What is being asked.
Only the lines below, from the one with "(proj2 (node_ge_ev _ _) ek)." through the one with "have [c1|[q' [cq'", are to be written out, exactly.

Record extracts.
Lemma node_lt_cross (F : node n -> Prop) u v : node_lt X u v -> ~ F u -> F v ->
  exists x y, Defs.arc X x y /\ ~ F x /\ F y /\ (x = u \/ node_lt X u x) /\
              (y = v \/ node_lt X y v).
Proof.
elim=> {u v} [u v H nFu Fv|u w v H1 IH1 H2 IH2 nFu Fv].
  by exists u, v; do 4 (split=> //; try by left).
case: (classic (F w)) => Fw.
  have [x [y [a [nx [Fy [xu yw]]]]]] := IH1 nFu Fw.
  exists x, y; do 4 split=> //; right.
  by case: yw => [->//|yw]; apply: node_lt_trans yw H2.
have [x [y [a [nx [Fy [xw yv]]]]]] := IH2 Fw Fv.
exists x, y; do 4 split=> //; right.
by case: xw => [->//|xw]; apply: node_lt_trans H1 xw.
Qed.

Lemma node_lt_cond u c : node_lt X u (inl c) ->
  exists k, post X k c /\ (u = inr k \/ node_lt X u (inr k)).
Proof.
move E: (inl c) => v H; elim: H c E => {u v} [u v a|u w v H1 _ H2 IH2] c E.
  by subst v; case: u a => [c'|k] //= a; exists k; split=> //; left.
have [k [pk wk]] := IH2 _ E; exists k; split=> //; right.
by case: wk => [<-//|wk]; apply: node_lt_trans H1 wk.
Qed.

Definition node_ge (e : nat) (x : node n) := inr e = x \/ node_lt X (inr e) x.

Lemma node_ge_ev k e : node_ge e (inr k) <-> ev_le X e k.
Proof. by split=> [[[->]|H]|[->|H]]; [left | right | left | right]. Qed.

Lemma node_ge_cond e c : node_ge e (inl c) <->
  exists k, post X k c /\ ev_le X e k.
Proof.
split=> [[E|/node_lt_cond [k [pk ek]]]|[k [pk ek]]]; first discriminate.
  by exists k; split=> //; apply/node_ge_ev; exact: ek.
right; case: ek => [->|ek]; first exact: post_node_lt pk.
exact: node_lt_trans ek (post_node_lt pk).
Qed.

Lemma cone_entry e g k : ~ ev_le X e g -> ev_lt X g k -> ev_le X e k ->
  exists c h, [/\ pre X h c, node_lt X (inr g) (inl c), ~ produced_after e c,
                  ev_le X e h & ev_le X h k].
Proof.
move=> ng gk ek.
have [x [y [a [nFx [Fy [gx yk]]]]]] :=
  node_lt_cross (F := node_ge e) gk (fun H => ng (proj1 (node_ge_ev _ _) H))
    (proj2 (node_ge_ev _ _) ek).
case: x y a nFx Fy gx yk => [c|k'] [c'|h] //= a nFx Fy gx yk.
- exists c, h; split=> //; first by case: gx.
  + move=> [q [cq eq]]; apply: nFx; apply/node_ge_cond; exists q; split=> //.
    have [c1|[q' [cq' [_ pq']]]] := pre_origin a; first by rewrite c1 in cq.
    by rewrite cq in cq'; case: cq' => ->.
  + exact/node_ge_ev.
  + by case: yk => [[->]|H]; [left|right].
- case: nFx; apply/node_ge_ev; move/node_ge_cond: Fy => [q [pq eq]].
  by move: (post_fst pq); rewrite (post_fst a) => -[->].
Qed.
(* Let $n,m,l$ be positive integers, $f:\mathbb{R}^n\times\mathbb{R}^m\to\mathbb{R}^n$, $g:\mathbb{R}^n\times\mathbb{R}^m\to\mathbb{R}^{n\times l}$ smooth with $f(0,0)=0$, $g(0,0)=0$, and consider $\dot x=f(x,u)+g(x,u)\theta$ with constant unknown $\theta\in\mathbb{R}^l$. Let $k:\mathbb{R}^l\times\mathbb{R}^n\to\mathbb{R}^m$ be smooth with $k(\vartheta,0)=0$, and $V_\vartheta,Q_\vartheta:\mathbb{R}^n\to\mathbb{R}_+$ continuous, positive definite, radially unbounded, with $(\vartheta,x)\mapsto V_\vartheta(x),Q_\vartheta(x)$ continuous, such that: (H1) for each $\vartheta$, the origin is globally asymptotically stable for $\dot x=f(x,k(\vartheta,x))+g(x,k(\vartheta,x))\vartheta$ and every solution satisfies $V_\vartheta(x(t))\le Q_\vartheta(x(0))$ for $t\ge0$; (H2) for every nonempty compact $\Theta\subset\mathbb{R}^l$ and $M\ge0$ there is $R>0$ with $V_\vartheta(x)\le M,\ \vartheta\in\Theta\Rightarrow|x|\le R$; (H3) there is a positive integer $N$ such that: if there exist $0=\tau_0<\dots<\tau_N$, $\theta,d_0,\dots,d_N\in\mathbb{R}^l$ with all $d_i\ne0$, and a right differentiable $x\in C^0([0,\tau_N];\mathbb{R}^n)\cap C^1([0,\tau_N]\setminus\{\tau_0,\dots,\tau_N\};\mathbb{R}^n)$ with $\dot x(t)=f(x(t),k(\theta+d_i,x(t)))+g(x(t),k(\theta+d_i,x(t)))\theta$ on $[\tau_i,\tau_{i+1})$, $i=0,\dots,N-1$, and $g(x(t),k(\theta+d_j,x(t)))d_{i+1}=0$ for $t\in[\tau_j,\tau_{j+1}]$, $i=0,\dots,N-1$, $j=0,\dots,i$, then $x\equiv0$ on $[0,\tau_N]$. Suppose moreover that for each $\vartheta\in\mathbb{R}^l$ the origin is globally exponentially stable for $\dot x=f(x,k(\vartheta,x))+g(x,k(\vartheta,x))\vartheta$, i.e. there are $M_\vartheta,\omega_\vartheta>0$ with $|x(t)|\le M_\vartheta e^{-\omega_\vartheta t}|x(0)|$ for all solutions and $t\ge0$, and that for every nonempty compact $\Theta\subset\mathbb{R}^l$ there exist $K_2>K_1>0$ with $K_1|x|^2\le V_\vartheta(x)\le Q_\vartheta(x)\le K_2|x|^2$ for all $x\in\mathbb{R}^n$, $\vartheta\in\Theta$. Let $T>0$, let $a:\mathbb{R}^n\to\mathbb{R}_+$ be continuous, positive definite with $\sup\{|x|^{-2}a(x):x\ne0\}<+\infty$, and let $\tilde N>N$ be an integer. Then there exist constants $\tilde M_{\theta,\hat\theta}>0$, $(\theta,\hat\theta)\in\mathbb{R}^l\times\mathbb{R}^l$, such that for every $\theta\in\mathbb{R}^l$, $x_0\in\mathbb{R}^n$, $\hat\theta_0\in\mathbb{R}^l$ the solution of the hybrid closed-loop system (see context) with $x(0)=x_0$, $\hat\theta(0)=\hat\theta_0$ satisfies $|x(t)|\le\tilde M_{\theta,\hat\theta_0}e^{-\omega_\theta t}|x_0|$ for all $t\ge0$.
   Context: Hybrid closed-loop system: event times $\tau_0=0$, $\tau_{i+1}=\min(\tau_i+T,r_i)$. On $[\tau_i,\tau_{i+1})$: $u(t)=k(\hat\theta(\tau_i),x(t))$, $\hat\theta(t)=\hat\theta(\tau_i)$, $x$ continuous solving $\dot x=f(x,u)+g(x,u)\theta$. Trigger: for $x(\tau_i)\ne0$, $r_i=\inf\{t>\tau_i:V_{\hat\theta(\tau_i)}(x(t))=Q_{\hat\theta(\tau_i)}(x(\tau_i))+a(x(\tau_i))\}$ ($\inf\emptyset=+\infty$); for $x(\tau_i)=0$, $r_i=\tau_i+T$. With $p(t,\sigma)=x(t)-x(\sigma)-\int_\sigma^tf(x(s),u(s))ds$, $q(t,\sigma)=\int_\sigma^tg(x(s),u(s))ds$, $\mu_{i+1}=\min\{\tau_j:j\in\{0,\dots,i\},\tau_j\ge\tau_{i+1}-\tilde NT\}$, $G=\iint_{[\mu_{i+1},\tau_{i+1}]^2}q'(t,\sigma)q(t,\sigma)d\sigma dt$, $Z=\iint_{[\mu_{i+1},\tau_{i+1}]^2}q'(t,\sigma)p(t,\sigma)d\sigma dt$, the update is $\hat\theta(\tau_{i+1})=\arg\min\{|\vartheta-\hat\theta(\tau_i)|^2:\vartheta\in\mathbb{R}^l,\ Z=G\vartheta\}$. Positive definite: $V(0)=0$, $V(x)>0$ for $x\ne0$; radially unbounded: sublevel sets compact. *)

From Stdlib Require Import Reals Lra List.
From Coquelicot Require Import Coquelicot.
From mathcomp Require Import ssreflect ssrfun ssrbool eqtype ssrnat seq fintype bigop.
Open Scope R_scope.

Written response.
    (proj2 (node_ge_ev _ _) ek).
case: x y a nFx Fy gx yk => [c|k'] [c'|h] //= a nFx Fy gx yk.
- exists c, h; split=> //; first by case: gx.
  + move=> [q [cq eq]]; apply: nFx; apply/node_ge_cond; exists q; split=> //.
    have [c1|[q' [cq' [_ pq']]]] := pre_origin a; first by rewrite c1 in cq.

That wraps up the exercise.